> **What is expected**
Scan the entries that follow and copy out every line containing "split".

Collected data
---+---
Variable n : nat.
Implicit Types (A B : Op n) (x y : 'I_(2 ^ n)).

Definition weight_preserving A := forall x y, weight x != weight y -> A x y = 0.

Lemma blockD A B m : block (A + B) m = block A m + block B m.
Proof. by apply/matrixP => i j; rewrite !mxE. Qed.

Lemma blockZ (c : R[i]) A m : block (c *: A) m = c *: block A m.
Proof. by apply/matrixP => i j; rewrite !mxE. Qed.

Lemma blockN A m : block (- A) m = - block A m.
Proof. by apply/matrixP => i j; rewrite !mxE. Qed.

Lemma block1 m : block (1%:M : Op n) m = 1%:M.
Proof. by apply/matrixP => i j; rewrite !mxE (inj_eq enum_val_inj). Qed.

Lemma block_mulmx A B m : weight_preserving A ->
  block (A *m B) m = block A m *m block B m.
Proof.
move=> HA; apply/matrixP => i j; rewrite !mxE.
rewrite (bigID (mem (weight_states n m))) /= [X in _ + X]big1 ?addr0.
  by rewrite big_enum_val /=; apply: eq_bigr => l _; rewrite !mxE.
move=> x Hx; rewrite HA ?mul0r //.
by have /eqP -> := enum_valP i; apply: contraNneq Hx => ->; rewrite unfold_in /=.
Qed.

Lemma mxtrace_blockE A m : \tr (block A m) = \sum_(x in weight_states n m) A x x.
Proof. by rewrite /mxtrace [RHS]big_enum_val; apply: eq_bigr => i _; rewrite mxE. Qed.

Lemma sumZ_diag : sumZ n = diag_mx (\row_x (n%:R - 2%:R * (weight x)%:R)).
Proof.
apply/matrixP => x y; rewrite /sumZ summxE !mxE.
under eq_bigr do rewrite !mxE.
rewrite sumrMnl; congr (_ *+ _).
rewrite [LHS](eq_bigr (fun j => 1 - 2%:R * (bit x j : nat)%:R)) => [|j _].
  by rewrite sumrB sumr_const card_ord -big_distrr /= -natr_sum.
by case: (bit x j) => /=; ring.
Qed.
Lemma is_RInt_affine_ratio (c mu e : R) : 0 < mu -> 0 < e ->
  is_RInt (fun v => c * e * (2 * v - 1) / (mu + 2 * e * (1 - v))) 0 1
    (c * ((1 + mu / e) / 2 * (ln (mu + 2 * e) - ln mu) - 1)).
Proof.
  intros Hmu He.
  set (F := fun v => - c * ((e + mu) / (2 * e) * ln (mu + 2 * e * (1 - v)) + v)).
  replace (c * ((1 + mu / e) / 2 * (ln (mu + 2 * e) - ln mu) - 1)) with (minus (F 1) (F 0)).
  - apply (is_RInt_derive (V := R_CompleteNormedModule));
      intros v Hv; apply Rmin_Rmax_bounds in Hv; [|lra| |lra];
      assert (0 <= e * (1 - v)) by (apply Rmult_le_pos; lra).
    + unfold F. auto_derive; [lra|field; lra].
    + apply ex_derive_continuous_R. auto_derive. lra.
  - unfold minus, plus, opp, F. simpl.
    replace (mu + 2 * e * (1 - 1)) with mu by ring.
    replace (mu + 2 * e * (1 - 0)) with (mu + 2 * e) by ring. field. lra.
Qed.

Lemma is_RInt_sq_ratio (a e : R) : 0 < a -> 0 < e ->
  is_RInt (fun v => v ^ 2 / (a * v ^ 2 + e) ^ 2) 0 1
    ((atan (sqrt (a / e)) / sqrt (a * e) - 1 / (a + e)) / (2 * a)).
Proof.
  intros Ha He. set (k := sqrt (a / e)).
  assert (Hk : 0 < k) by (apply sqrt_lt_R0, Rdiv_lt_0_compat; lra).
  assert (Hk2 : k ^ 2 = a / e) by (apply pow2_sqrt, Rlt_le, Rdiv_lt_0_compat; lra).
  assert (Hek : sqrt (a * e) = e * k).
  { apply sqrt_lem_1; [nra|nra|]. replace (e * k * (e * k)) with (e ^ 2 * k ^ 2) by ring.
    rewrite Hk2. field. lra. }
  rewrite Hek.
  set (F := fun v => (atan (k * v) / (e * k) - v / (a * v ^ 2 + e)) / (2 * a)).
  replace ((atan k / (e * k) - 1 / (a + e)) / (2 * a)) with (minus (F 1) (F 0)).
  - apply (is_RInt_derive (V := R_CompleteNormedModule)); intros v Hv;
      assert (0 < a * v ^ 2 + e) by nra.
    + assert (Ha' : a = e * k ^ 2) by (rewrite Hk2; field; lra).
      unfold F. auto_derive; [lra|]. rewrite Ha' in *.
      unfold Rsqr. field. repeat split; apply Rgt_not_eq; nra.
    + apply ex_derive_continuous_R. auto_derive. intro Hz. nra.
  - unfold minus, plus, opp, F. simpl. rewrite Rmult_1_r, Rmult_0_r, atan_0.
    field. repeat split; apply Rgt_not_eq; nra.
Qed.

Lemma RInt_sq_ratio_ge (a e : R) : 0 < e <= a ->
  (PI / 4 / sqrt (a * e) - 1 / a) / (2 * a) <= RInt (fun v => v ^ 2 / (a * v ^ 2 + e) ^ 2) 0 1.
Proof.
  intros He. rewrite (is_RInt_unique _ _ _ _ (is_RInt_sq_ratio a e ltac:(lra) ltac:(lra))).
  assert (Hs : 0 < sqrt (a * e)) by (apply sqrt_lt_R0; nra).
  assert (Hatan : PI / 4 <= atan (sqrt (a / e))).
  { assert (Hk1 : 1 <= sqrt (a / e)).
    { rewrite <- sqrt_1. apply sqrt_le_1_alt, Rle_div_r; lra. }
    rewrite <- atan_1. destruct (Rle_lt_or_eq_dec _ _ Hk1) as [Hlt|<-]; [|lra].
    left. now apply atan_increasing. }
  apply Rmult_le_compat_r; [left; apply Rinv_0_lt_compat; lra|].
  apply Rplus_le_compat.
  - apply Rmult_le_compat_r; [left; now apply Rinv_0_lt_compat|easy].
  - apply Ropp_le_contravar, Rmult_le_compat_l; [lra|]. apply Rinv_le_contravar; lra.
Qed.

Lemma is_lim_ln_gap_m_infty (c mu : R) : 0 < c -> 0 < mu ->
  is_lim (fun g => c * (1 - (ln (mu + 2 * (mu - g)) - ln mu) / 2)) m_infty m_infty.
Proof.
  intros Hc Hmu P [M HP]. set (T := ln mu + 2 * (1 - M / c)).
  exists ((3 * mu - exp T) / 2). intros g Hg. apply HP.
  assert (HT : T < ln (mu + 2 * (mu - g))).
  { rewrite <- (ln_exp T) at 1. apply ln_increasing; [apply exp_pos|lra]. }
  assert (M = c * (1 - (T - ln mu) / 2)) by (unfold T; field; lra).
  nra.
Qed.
---+---
> **Answer box**
      unfold Rsqr. field. repeat split; apply Rgt_not_eq; nra.
    field. repeat split; apply Rgt_not_eq; nra.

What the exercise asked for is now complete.